Filter the records down to the lines that hold the word "Import", and copy each of those lines.

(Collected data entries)

- - -

(* Assume (A1), (A2) and (A3) below. Let $r\in\mathcal R_\epsilon$ and let $p$ be the fixed path returned by the planner. Then the point $(\bar x_r,1)$ is an asymptotically stable equilibrium point of the closed-loop PathFG+MPC system $$s_{k+1}=g\big(\tilde\xi_N^*(x_k,s_k)\big),\qquad x_{k+1}=f\big(x_k,\tilde\kappa(x_k,s_k)\big),$$ with region of attraction $(\mathcal D_x(r)\times[0,1])\cap\tilde\Gamma$.
   Context: System: $x_{k+1}=f(x_k,u_k)$, $x_k\in\mathbb R^{n_x}$, $u_k\in\mathbb R^{n_u}$, $k\in\mathbb N=\{0,1,2,\dots\}$, with constraint sets $\mathcal X=\{x:h_x(x)\le0\}$, $\mathcal U=\{u:h_u(u)\le0\}$, where $h_x:\mathbb R^{n_x}\to\mathbb R$, $h_u:\mathbb R^{n_u}\to\mathbb R$. (A1) $f$ is locally Lipschitz, $h_x,h_u$ are continuous, and there are a set $\mathcal R\subseteq\mathbb R^{n_r}$ and continuous maps $r\mapsto\bar x_r\in\mathcal X$, $r\mapsto\bar u_r\in\mathcal U$ on $\mathcal R$ with $\bar x_r=f(\bar x_r,\bar u_r)$ for all $r\in\mathcal R$. For a fixed $\epsilon>0$, $\mathcal R_\epsilon=\{r\in\mathcal R: h_x(\bar x_r)\le-\epsilon,\ h_u(\bar u_r)\le-\epsilon\}$. MPC: fix a horizon $N\in\mathbb N_{>0}$, a stage cost $\ell:\mathcal X\times\mathcal U\times\mathcal R_\epsilon\to\mathbb R_{\ge0}$, a terminal set $\mathcal T\subseteq\mathcal X\times\mathcal R$ and a terminal cost $V:\mathcal T\to\mathbb R_{\ge0}$. For $(x,r)$ the optimal control problem (OCP) is to minimize $V(\xi_N,r)+\sum_{i=0}^{N-1}\ell(\xi_i,\mu_i,r)$ over $\xi=(\xi_0,\dots,\xi_N)$, $\mu=(\mu_0,\dots,\mu_{N-1})$ subject to $\xi_0=x$, $\xi_{i+1}=f(\xi_i,\mu_i)$, $\xi_i\in\mathcal X$, $\mu_i\in\mathcal U$ for $i=0,\dots,N-1$, and $(\xi_N,r)\in\mathcal T$. The feasible set is $\Gamma=\{(x,r)\in\mathcal X\times\mathcal R_\epsilon:$ the OCP constraints admit a solution$\}$. For $(x,r)\in\Gamma$, $\zeta^*(x,r)=(\xi_0^*,\dots,\xi_N^*,\mu_0^*,\dots,\mu_{N-1}^* )$ denotes the minimizer (treated as a function), $\xi_N^*(x,r)$ its final state, $J(x,r)$ the optimal cost, and the MPC law is $\kappa(x,r)=\mu_0^*(x,r)$. (A2) (a) $\ell$ is uniformly continuous, $\ell(\bar x_r,\bar u_r,r)=0$, and there is a class-$\mathcal K_\infty$ function $\gamma$ with $\ell(x,u,r)\ge\gamma(\|x-\bar x_r\|)$ for all $(x,r)\in\Gamma$, $u\in\mathcal U$. (b) $V$ is uniformly continuous, $V(\bar x_r,r)=0$, $V\ge0$ on $\mathcal T$, and there is a terminal law $\kappa_T:\mathcal T\to\mathcal U$ with $V(f(x,\kappa_T(x,r)),r)-V(x,r)\le-\ell(x,\kappa_T(x,r),r)$ for all $(x,r)\in\mathcal T$. (c) For all $(x,r)\in\mathcal T$: $(f(x,\kappa_T(x,r)),r)\in\mathcal T$, $x\in\mathcal X$ and $\kappa_T(x,r)\in\mathcal U$. (d) $(\bar x_r,r)\in\operatorname{int}\mathcal T$ for all $r\in\mathcal R_\epsilon$. (e) $\zeta^*$ is Lipschitz continuous. Paths: for $x_0\in\mathbb R^{n_x}$ and $r\in\mathcal R_\epsilon$, a feasible path is $\mathcal P(x_0,r)=\{p(s):s\in[0,1]\}$ with $p:[0,1]\to\mathcal R_\epsilon$ continuous, $(x_0,p(0))\in\Gamma$ and $p(1)=r$. $\mathcal D=\{(x_0,r): r\in\mathcal R_\epsilon$, a feasible path $\mathcal P(x_0,r)$ exists$\}$ and $\mathcal D_x(r)=\{x_0:(x_0,r)\in\mathcal D\}$. (A3) Given $(x_0,r)\in\mathcal D$, the path planner returns a feasible path $\mathcal P(x_0,r)$. With the path $p$ fixed: $\tilde x_s=\bar x_{p(s)}$, $\tilde{\mathcal T}=\{(x,s):(x,p(s))\in\mathcal T\}$, $\tilde\Gamma=\{(x,s):(x,p(s))\in\Gamma\}$, $\tilde\xi_N^*(x,s)=\xi_N^*(x,p(s))$, $\tilde\kappa(x,s)=\kappa(x,p(s))$, and the Path Feasibility Governor map is $g(\xi)=\max\{s\in[0,1]:(\xi,s)\in\tilde{\mathcal T}\}$. Asymptotic stability with a given region of attraction means Lyapunov stability of the equilibrium together with convergence to it of every trajectory starting in that region. *)

(* R : realType, vectors are row vectors 'rV[R]_n
   with the library norm (max norm; all norms on R^n are equivalent). *)
From HB Require Import structures.
From mathcomp Require Import all_boot all_order all_algebra.
From mathcomp Require Import all_classical all_reals all_analysis.
Set Implicit Arguments. Unset Strict Implicit. Unset Printing Implicit Defensive.
Import Order.TTheory GRing.Theory Num.Theory.
Import numFieldNormedType.Exports.
Local Open Scope ring_scope.
Local Open Scope classical_set_scope.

- - -

=== Exercise result ===
From HB Require Import structures.
From mathcomp Require Import all_boot all_order all_algebra.
From mathcomp Require Import all_classical all_reals all_analysis.
Import Order.TTheory GRing.Theory Num.Theory.
Import numFieldNormedType.Exports.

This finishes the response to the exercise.